With only so many bits to work with there is a limit on the precision (number of significant figures, I suppose) that can be achieved. The more bits you have, the better the precision. Think about it. 1.1 in binary is 1.5 in decimal; 1.11 is 1.75; 1.111 is 1.875 and so on. Say you want to represent the decimal number 0.999 in binary: you can never do it exactly as 1.???1 in binary is always going to be 1.???5 in decimal.

Scary huh?! It's official that computers can't count, and they're running the systems that take care of your bank balance and keep the planes in the air!

Hope that's informative.

Does that shed any further light on it for you? As Peter said, there's no room in 64 bits (a double) for more than 15 digits of precision. The actual conversion to String and/or printing is irrelevant. The poor old double is left with no choice as she has eaten all the pies! (is full)

Jules

kenneth ga
Greenhorn

Joined: Aug 05, 2004
Posts: 9

posted

0

i'm beginning to understand and the way seems clearer

however, i tried to look at the actual implementation of Double.toString(double) and in there, it manipulates the value of the "double" to be representable as "string". However, a double value of "0.1" which has no actual decimal representation is being manipulated to be representable in its closest value. It just so happen that the implementation makes it to "0.1" string. But the implementation can display "0.02" or "0.234" as a representation of that double 0.1 value.

what i mean is, that it can represent any "string" value since it is a string not an actual "double" value, the one that is outputted by System.out.println().

I am understanding it right?

I hope you get my point.

thanks.

Julian Kennedy
Ranch Hand

Joined: Aug 02, 2004
Posts: 823

posted

0

Sorry Kenneth, I don't really see what you're getting at. If the value in a double named point_one is 0.1D then why would Double.toString(point_one) return 0.02 or 0.234?
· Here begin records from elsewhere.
Lemma Ck_plus k f g : Ck k U f -> Ck k U g -> Ck k U (fun y => f y + g y).
Proof.
elim: k f g => [|k IH] f g /=; first exact: cont_plus.
case=> cf Hf [cg Hg]; split=> [|i]; first exact: cont_plus.
case: (Hf i) => pf [hpf Cpf]; case: (Hg i) => pg [hpg Cpg].
exists (fun y => pf y + pg y); split=> [x Ux|]; last exact: IH.
exact: derivable_pt_lim_plus (hpf x Ux) (hpg x Ux).
Qed.

Lemma Ck_mult k f g : Ck k U f -> Ck k U g -> Ck k U (fun y => f y * g y).
Proof.
elim: k f g => [|k IH] f g /=; first exact: cont_mult.
move=> Cf Cg; have Cf' := Ck_weaken k f Cf; have Cg' := Ck_weaken k g Cg.
case: Cf => cf Hf; case: Cg => cg Hg; split=> [|i]; first exact: cont_mult.
case: (Hf i) => pf [hpf Cpf]; case: (Hg i) => pg [hpg Cpg].
exists (fun y => pf y * g y + f y * pg y); split=> [x Ux|]; last by apply: Ck_plus; apply: IH.
by have := derivable_pt_lim_mult _ _ _ _ _ (hpf x Ux) (hpg x Ux); rewrite /= upd_id.
Qed.

Lemma Ck_inv k f : (forall x, U x -> f x <> 0) -> Ck k U f -> Ck k U (fun y => / f y).
Proof.
move=> Hnz; elim: k f Hnz => [|k IH] f Hnz /=; first exact: cont_inv.
move=> Cf; have Cf' := Ck_weaken k f Cf.
case: Cf => cf Hf; split=> [|i]; first exact: cont_inv.
case: (Hf i) => pf [hpf Cpf].
exists (fun y => (-1 * pf y) * (/ f y * / f y)); split=> [x Ux|].
- have := derivable_pt_lim_div (fun _ => 1) (fun t => f (upd x i t)) (x i) 0 (pf x)
    (derivable_pt_lim_const 1 _) (hpf x Ux).
  rewrite /= upd_id => /(_ (Hnz x Ux)).
  rewrite (_ : (0 * f x - pf x * 1) / (f x)² = -1 * pf x * (/ f x * / f x)); last first.
    by rewrite /Rsqr; field; apply: Hnz.
  by apply: derivable_pt_lim_ext => t; rewrite /div_fct /Rdiv Rmult_1_l.
- by apply: Ck_mult; [apply: Ck_mult => //; apply: Ck_const | apply: Ck_mult; apply: IH].
Qed.

Lemma Ck_rsum k m (F : nat -> pt n -> R) : (forall j, (j < m)%N -> Ck k U (F j)) ->
  Ck k U (fun x => rsum m (fun j => F j x)).
Proof.
elim: m => [|m IH] H /=; first exact: Ck_const.
by apply: Ck_plus; [apply: IH => j hj; apply: H; exact: ltnW | exact: H].
Qed.

End Smoothness.

Section Composition.
Variables (n m : nat) (U : pt n -> Prop) (V : pt m.+1 -> Prop) (phi : pt n -> pt m.+1).
Hypotheses (HV : is_open V) (HUV : forall x, U x -> V (phi x))
  (Hphi : forall j, smooth_on U (fun x => phi x j)).

Lemma cont_comp g : cont_on V g -> cont_on U (fun x => g (phi x)).
Proof.
move=> Hg x Ux eps he; case: (Hg _ (HUV x Ux) eps he) => d [hd Hd].
have [d' [hd' Hd']] : exists d', d' > 0 /\ forall k, (k < m.+1)%N -> forall y, U y ->
    (forall i, Rabs (y i - x i) < d') -> Rabs (phi y (inord k) - phi x (inord k)) < d.
  apply: common_delta => [i a b hab H y Uy Hy | i _].
  - by apply: H => // j; have := Hy j; lra.
  - by case: (Hphi (inord i) 0%N x Ux d hd) => e [he' He]; exists e.
exists d'; split=> // y Uy Hy; apply: Hd; first exact: HUV.
by move=> i; rewrite -(inord_val i); apply: Hd'.
Qed.

Lemma Ck_comp k g : Ck k V g -> Ck k U (fun x => g (phi x)).
Proof.
elim: k g => [|k IH] g /=; first exact: cont_comp.
case=> cg Hg; split=> [|i]; first exact: cont_comp.
have [gp Hgp] := functional_choice _ Hg.
have [p Hp] : exists p : 'I_m.+1 -> pt n -> R, forall j,
    (forall x, U x -> partial_is (fun x => phi x j) i x (p j x)) /\ Ck k U (p j).
  apply: (functional_choice (fun j q => (forall x, U x -> partial_is (fun x => phi x j) i x (q x))
    /\ Ck k U q)) => j.
  by case: (Hphi j k.+1) => _; apply.
exists (fun x => rsum m.+1 (fun l => gp (inord l) (phi x) * p (inord l) x)); split=> [x Ux|].
- have := chain_rule _ V g gp HV (fun j y Vy => proj1 (Hgp j) y Vy)
    (fun j => Ck_cont _ _ _ _ (proj2 (Hgp j))) (fun t => phi (upd x i t)) (x i)
    (fun l => p (inord l) x).
  rewrite upd_id; apply; first exact: HUV.
  by move=> l _; apply: (proj1 (Hp (inord l)) x Ux).
- apply: Ck_rsum => l _; apply: Ck_mult; last exact: proj2 (Hp _).
  exact: IH (proj2 (Hgp _)).
Qed.

End Composition.

Lemma ordE n k (hk : (k < n.+1)%N) : Ordinal hk = inord k.
Proof. by apply: val_inj; rewrite /= inordK. Qed.

Lemma ord3_cases (P : 'I_3 -> Prop) :
  P (inord 0) -> P (inord 1) -> P (inord 2) -> forall i, P i.
Proof. by move=> H0 H1 H2 [[|[|[|?]]] hi] //; rewrite ordE. Qed.

Lemma ord4_cases (P : 'I_4 -> Prop) :
  P (inord 0) -> P (inord 1) -> P (inord 2) -> P (inord 3) -> forall i, P i.
Proof. by move=> H0 H1 H2 H3 [[|[|[|[|?]]]] hi] //; rewrite ordE. Qed.

Lemma ord6_cases (P : 'I_6 -> Prop) : P (inord 0) -> P (inord 1) -> P (inord 2) ->
  P (inord 3) -> P (inord 4) -> P (inord 5) -> forall i, P i.
Proof. by move=> H0 H1 H2 H3 H4 H5 [[|[|[|[|[|[|?]]]]]] hi] //; rewrite ordE. Qed.

Lemma inord_eqE n a b : (a < n.+1)%N -> (b < n.+1)%N ->
  (inord a == inord b :> 'I_n.+1) = (a == b).
Proof. by move=> ha hb; apply/eqP/eqP => [e|->] //; rewrite -(inordK ha) -(inordK hb) e. Qed.

Lemma pt3_ext (a b : pt 3) : c0 a = c0 b -> c1 a = c1 b -> c2 a = c2 b -> a = b.
Proof. by move=> h0 h1 h2; apply: functional_extensionality; apply: ord3_cases. Qed.

Lemma dot3_cross3 (g a v : pt 3) :
  dot3 g g * dot3 a v = dot3 (cross3 g a) (cross3 g v) + dot3 g a * dot3 g v.
Proof. rewrite /dot3 /cross3 /c0 /c1 /c2 /v3 !inordK //; ring. Qed.

Lemma dot3_eq0_of_cross3_eq0 (g a v : pt 3) : dot3 g g <> 0 ->
  (forall i, cross3 g a i = 0) -> dot3 g v = 0 -> dot3 a v = 0.
Proof.
move=> hg ha hv; have := dot3_cross3 g a v.
have -> : dot3 (cross3 g a) (cross3 g v) = 0 by rewrite /dot3 /c0 /c1 /c2 !ha; ring.
by rewrite hv Rmult_0_r Rplus_0_r => /Rmult_integral [/hg|].
Qed.

Lemma dot3_self_eq0 (g : pt 3) : dot3 g g = 0 -> forall i, g i = 0.
Proof. rewrite /dot3 /c0 /c1 /c2 => h; apply: ord3_cases; nra. Qed.

Definition vjoin (a b : pt 3) : pt 6 := fun j =>
  match nat_of_ord j with
  | 0 => c0 a | 1 => c1 a | 2 => c2 a | 3 => c0 b | 4 => c1 b | _ => c2 b
  end%nat.

Ltac coords :=
  rewrite /dot3 /cross3 /M_of /gam_of /gam4 /s4 /join4 /vjoin /v3 /c0 /c1 /c2 ?inordK //=.

Lemma M_of_vjoin a b : M_of (vjoin a b) = a.
Proof. by apply: pt3_ext; coords. Qed.

Lemma gam_of_vjoin a b : gam_of (vjoin a b) = b.
Proof. by apply: pt3_ext; coords. Qed.

Lemma vjoin_eq0 a b :
  (forall i, vjoin a b i = 0) <-> (forall k, a k = 0) /\ (forall k, b k = 0).
Proof.
split=> [H|[Ha Hb]]; last by apply: ord6_cases; rewrite /vjoin inordK //= /c0 /c1 /c2 ?Ha ?Hb.
split; apply: ord3_cases; [ have := H (inord 0) | have := H (inord 1) | have := H (inord 2)
  | have := H (inord 3) | have := H (inord 4) | have := H (inord 5) ]; by rewrite /vjoin inordK.
Qed.

Lemma gam4_join4 g s : gam4 (join4 g s) = g.
Proof. by apply: pt3_ext; coords. Qed.

Lemma s4_join4 g s : s4 (join4 g s) = s.
Proof. by coords. Qed.

Lemma join4_gam4_s4 y : join4 (gam4 y) (s4 y) = y.
Proof. by apply: functional_extensionality; apply: ord4_cases; coords. Qed.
The moral of the story is that if you require very precise representations of floating point number then don't use float and double; use java.math.BigDecimal instead.

Jules

Peter Chase
Ranch Hand

Joined: Oct 30, 2001
Posts: 1970

posted

0

While we're here, is it not true that Double.toString() is really only for debugging use?

If you are planning to put a floating-point number (float or double) in front of an end-user, you should carefully format it according to the needs of the application. The java.text.DecimalFormat class may help here.

One generally should not put the full number of digits in front of the user, either. This is because floating-point maths accumulates round-off errors, so one or more of the least-significant decimal digits are inaccurate and should not be displayed.

How many digits are accurate depends on the types of floating-point operations that have been performed. If it's just a few additions and subtractions, then all but the last digit are likely to be correct. But if you've been doing iterative numerical calculations, logarithms, exponentiation, trig functions ... then many digits will be inaccurate. In some cases, errors can accumulate to the point where the whole answer is useless, though this rarely happens outside the confines of serious mathematical computing.

For the above reasons, floating-point should not be used for fixed-point calculations, like currency calculations.

kenneth ga
Greenhorn

Joined: Aug 05, 2004
Posts: 9

posted

0

Originally posted by Julian Kennedy: Sorry Kenneth, I don't really see what you're getting at. If the value in a double named point_one is 0.1D then why would Double.toString(point_one) return 0.02 or 0.234?

hello jules, this is exactly my point that i want to be cleared out. yes, indeed why should "0.1" be printed out as "0.02"? but if it is printed as "0.10", is this a bug?

the specs of Double.toString(double), if i understood it correctly, does not specify on how many number of decimal places should be printed, so i can display "0.1000000000000000000000000000000" instead of just "0.1".